Читаем У истоков полифонического романа полностью

Новаторство Монтескье состояло в том, что он в полной мере реализовал скрытые в эпистолярном романе возможности.

Стилизуя логику эпистолярного жанра, он располагает письма в хронологической последовательности и потому не сразу вводит читателя в сюжетную ситуацию: лишь в восьмом письме мы узнаем, что Узбек отправился в путешествие по Европе, надеясь избежать опалы со стороны государя и мстительных преследований царедворцев: "Когда я убедился, что моя искренность создала мне врагов, что я навлек да себя зависть министров, не приобретя благосклонности государя; что при этом развращенном дворе я держусь только слабой своей добродетелью, - я решил его покинуть".

Композиционно роман делится на три части. В первой, состоящей из 23 писем, персы обмениваются впечатлениями во время путешествия Узбека из Испагани в Париж, куда он приезжает весной 1712 года. Вторая, включающая 123 письма, приходится на последние годы царствования Людовика XIV (письмо 92 сообщает о смерти короля 4 сентября 1715 г.) и на эпоху регентства с 1715 по ноябрь 1720 г. Наконец, третья (15 писем) омрачена тревожными вестями из сераля, вынуждающими Узбека возвратиться на родину.

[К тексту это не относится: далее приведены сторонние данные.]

Lemma size_recruit_all i j : size (recruit_all i j) = (3 * n)%N.
Proof.
rewrite /recruit_all size_flatten /shape -map_comp.
rewrite (eq_map (_ : _ =1 fun=> 3%N)); last first.
  by move=> k /=; rewrite /recruit_word; case: ifP => //; case: ifP.
by rewrite sumnE big_map big_const_seq count_predT size_enum_ord iter_addn_0 mulnC.
Qed.

Lemma run_recruit_all i j y : i \in V1 -> j \in V2 -> anchored i j y ->
  forall t, run (recruit_all i j) y t = target t.
Proof.
move=> hi hj hy t; rewrite /recruit_all.
suff gen s u : anchored i j u -> let z := run (flatten [seq recruit_word i j k | k <- s]) u in
    anchored i j z /\ forall t, (t \in s) || (u t == target t) -> z t = target t.
  by apply: (gen _ _ hy).2; rewrite mem_enum.
elim: s u => [|k s IH] u hu /=; first by split => // t' /eqP.
rewrite run_cat; have [hz hk hp] := run_recruit_word k hi hj hu.
have [hz' hp'] := IH _ hz; split => // t'; rewrite inE -orbA => /or3P[/eqP->|ts|/eqP ht].
- by apply: hp'; rewrite hk eqxx orbT.
- by apply: hp'; rewrite ts.
- by apply: hp'; rewrite hp // eqxx orbT.
Qed.

Definition block_length := (3 * n).+1.

Lemma polarizing_run x : boxed x -> 4 * c <= beta * spread x ->
  exists w, size w = block_length /\ polarized (run w x).
Proof.
move=> bx hb; have [e [i [j [hi hj hz]]]] := exists_step_to_extremes bx hb.
exists (e :: recruit_all i j); split; first by rewrite /= size_recruit_all.
have by' := step_boxed e bx; rewrite [run _ _]/=.
case: hz => [[zi zj]|[zi zj]].
  by apply/orP; left; apply/forallP => t; apply/eqP; apply: run_recruit_all.
have hN : anchored i j (fun k => - st e x k).
  split; rewrite ?zi ?zj ?opprK // => k; have /andP[? ?] := by' k; apply/andP; split; lra.
by apply/orP; right; rewrite -runN; apply/forallP => t; apply/eqP; apply: run_recruit_all.
Qed.

Definition nedges : R := #|{: edge n}|%:R.

Lemma nedges_gt0 : 0 < nedges.
Proof. by rewrite /nedges ltr0n; apply/card_gt0P; exists e0. Qed.

(* [iter t mean_next f x] is the expectation of [f] at time [t] of the dynamics started at [x]. *)
Definition mean_next (f : ('I_n -> R) -> R) x := nedges^-1 * \sum_(e : edge n) f (st e x).

Fixpoint words t : seq (seq (edge n)) :=
  if t is t'.+1 then [seq e :: w | e <- index_enum (edge n), w <- words t'] else [:: [::]].

Lemma size_words t w : w \in words t -> size w = t.
Proof.
elim: t w => [|t IH] w /=; first by rewrite inE => /eqP ->.
by case/allpairsP => [[e w'] [_ /IH hw ->]] /=; rewrite hw.
Qed.

Lemma mem_words t w : size w = t -> w \in words t.
Proof.
elim: t w => [|t IH] [|e w] //= [sw].
by apply/allpairsP; exists (e, w); split => //=; [exact: mem_index_enum | exact: IH].
Qed.

Lemma iter_mean_nextE t f x :
  iter t mean_next f x = nedges^-1 ^+ t * \sum_(w <- words t) f (run w x).
Proof.
elim: t x => [|t IH] x /=; first by rewrite big_seq1 expr0 mul1r.
rewrite big_allpairs_dep exprS -mulrA [in RHS]mulr_sumr; congr (_ * _).
by apply: eq_bigr => e _; rewrite IH.
Qed.

Lemma iter_mean_next_cst t (M : R) x : iter t mean_next (fun=> M) x = M.
Proof.
elim: t x => [//|t IH] x; rewrite /= /mean_next; under eq_bigr do rewrite IH.
by rewrite sumr_const -mulr_natr mulrCA mulVf ?mulr1 // gt_eqF // nedges_gt0.
Qed.

Lemma iter_mean_nextZ t k f x : iter t mean_next (fun z => k * f z) x = k * iter t mean_next f x.
Proof.
elim: t x => [//|t IH] x /=; rewrite /mean_next.
by under eq_bigr do rewrite IH; rewrite -mulr_sumr mulrCA.
Qed.

Definition nondegenerate (y : 'I_n -> R) := boxed y /\ 0 < spread y.

Lemma nondegenerate_step e y : nondegenerate y -> nondegenerate (st e y).
Proof.
move=> [bY hy]; split; first exact: step_boxed.
by apply: lt_le_trans (spread_step e bY); apply: mulr_gt0 => //; params; lra.
Qed.

Lemma nondegenerate_run w y : nondegenerate y -> nondegenerate (run w y).
Proof. by elim: w y => [//|e w IH] y hy; apply: IH; apply: nondegenerate_step. Qed.

Lemma iter_mean_next_le t f g : (forall y, nondegenerate y -> f y <= g y) ->
  forall y, nondegenerate y -> iter t mean_next f y <= iter t mean_next g y.
Proof.
move=> hfg; elim: t => [//|t IH] y hy /=.
apply: ler_wpM2l; first by rewrite invr_ge0 ltW // nedges_gt0.
by apply: ler_sum => e _; apply: IH; apply: nondegenerate_step.
Qed.

(* The run improving [M] to [d] has probability [nedges^-L]. *)
Lemma iter_mean_next_gap L f x M d : (forall w, size w = L -> f (run w x) <= M) ->
  (exists w, size w = L /\ f (run w x) <= d) ->
  iter L mean_next f x <= M - nedges^-1 ^+ L * (M - d).
Proof.
move=> hM [w0 [sw0 hw0]]; have hw0W := mem_words sw0.
rewrite iter_mean_nextE -{1}(iter_mean_next_cst L M x) iter_mean_nextE -mulrBr.
apply: ler_wpM2l; first by rewrite exprn_ge0 // invr_ge0 ltW // nedges_gt0.
rewrite !(perm_big _ (perm_to_rem hw0W)) !big_cons /=.
suff : \sum_(w <- rem w0 (words L)) f (run w x) <= \sum_(w <- rem w0 (words L)) M by lra.
rewrite big_seq [leRHS]big_seq; apply: ler_sum => w /mem_rem hw.
exact/hM/size_words.
Qed.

Эпистолярная форма романа позволяла высказаться людям, отличающимся друг от друга во возрасту, полу, национальности, социальному положению, привычкам, вкусам, религиозным верованиям, политическим взглядам и т.п. Жизнь сама, без посредника, торопясь и захлебываясь, заговорила в его письмах о своих страстных нуждах и жгучих проблемах. Стиль каждого письма характеризует не только получателя, но и отправителя, меняется в зависимости от установки на адресата. Вот как выглядит Узбек, переписывающийся с Иббеном, Рустаном, Нессиром и Мирзой, своими друзьями: "Любезный Мирза! Есть нечто еще более лестное для меня, нежели хорошее мнение, которое ты обо мне составил: это твоя дружба, которой я обязан таким мнением" (письмо XI).

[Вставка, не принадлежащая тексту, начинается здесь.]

(* [reset] is a greedy maximal set of pairwise non-consecutive turns; [height]
   returns to the base level [size w] right after each of them. *)
Fixpoint reset k := if k is k'.+1 then turn k && ~~ reset k' else false.

Fixpoint height k :=
  if k is k'.+1 then
    if reset k' then size w else if nth false w k' then (height k').+1 else (height k').-1
  else size w.

Lemma resetE k : reset k = turn k && ~~ reset k.-1.
Proof. by case: k. Qed.

Lemma reset_turn k : reset k -> turn k.
Proof. by rewrite resetE => /andP[]. Qed.

Lemma turn_ge k : size w <= k -> turn k = false.
Proof. by move=> Hk; rewrite /turn [k < size w]ltnNge Hk andbF. Qed.

Lemma isolated_turn_reset j : turn j -> ~~ turn j.-1 -> reset j.
Proof.
by move=> Hturn Hprev; rewrite resetE Hturn; apply: contra Hprev; apply: reset_turn.
Qed.

Lemma height_inv k : k <= size w ->
  size w - k <= height k <= size w + k /\
  (0 < k -> if reset k.-1 then height k = size w
            else if nth false w k.-1 then size w < height k else height k < size w).
Proof.
elim: k => [|k IH] Hk /=; first by rewrite subn0 addn0 leqnn.
have [/andP[Hlo Hhi] Hside] := IH (ltnW Hk).
case Hr: (reset k); first by split => //; lia.
have Hside' : if nth false w k then size w <= height k else height k <= size w.
  case: (posnP k) => [->|Hk0] /=; first by case: ifP.
  move: (Hside Hk0); case Hr1: (reset k.-1) => /= Hh; first by rewrite Hh; case: ifP.
  have Ew : nth false w k.-1 = nth false w k.
    apply/eqP; move: Hr; rewrite resetE Hr1 andbT /turn Hk0 Hk /=.
    by move/negbT; rewrite negbK.
  by move: Hh; rewrite Ew; case: ifP => _; apply: ltnW.
by case: ifP Hside' => _ ?; split => //; lia.
Qed.

Lemma height_follows : follows height.
Proof.
move=> k Hk; have [/andP[Hlo _] _] := height_inv (ltnW Hk).
rewrite /=; case Hr: (reset k); last by case: (nth false w k); lia.
have [_ Hside] := height_inv (ltnW Hk).
have Hk0 : 0 < k by move/reset_turn: Hr => /andP[/andP[]].
move: Hr; rewrite resetE => /andP[Ht Hr1]; move: (Hside Hk0); rewrite (negbTE Hr1).
by move: Ht => /andP[_]; case: (nth false w k.-1); case: (nth false w k).
Qed.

А вот он же, попрекающий в нерадивости главного белого евнуха: "Клянусь всеми небесными пророками и величайшим из всех них - Али, что если ты нарушишь свой долг, я поступлю с тобой как с червем, подвернувшимся мне под ноги" (письмо XXI). Гнев Узбека, негодующего на жен, забывших о добродетели, не знает границ: "Пусть это письмо разразится над вами, как гром среди молний и бури!" (письмо CLIV). Впрочем, жены всегда платили ему известным пренебрежением. Конечно, Заши, Зефи, Фатима льстят Узбеку, своему повелителю, от которого зависит их благополучие. Они наперебой заверяют его в преданности, каждая из них по-женски честолюбива и жаждет главенствовать в его сердце. Но вот в страстном письме Фатимы неожиданно прорывается искреннее и психологически точное: "Проще, полагаете вы, получить от нашей подавленной чувственности-то, чего вы не надеетесь заслужить своими достоинствами". Так, оркеструя бескомпромиссный диалог мотивов и скрытых стремлений, Монтескье сталкивает противоположные позиции, взаимодействие которых проливает неожиданный свет на, казалось бы, давно привычное и знакомое.

Узбек и Рика попадают во Францию, незнакомую страну, их поражают громоздящиеся друг на друга дома, многолюдие парижских улиц, превращающих прогулки по ним в утомительное и опасное приключение, театры, в которых представление разыгрывается не на сцене, а в ложах и фойе и т.п. Непредвзятый взгляд путешественников проницательно вычленяет характерные социальные типы развязных откупщиков, сговорчивых духовников, самовлюбленных поэтов, отставных вояк, безмозглых дамских угодников, салонных острословов, ревнивцев, картежников, шарлатанов, молодящихся старух, чванливых вельмож, составителей генеалогий, переводчиков и комментаторов, одержимых манией точности геометров.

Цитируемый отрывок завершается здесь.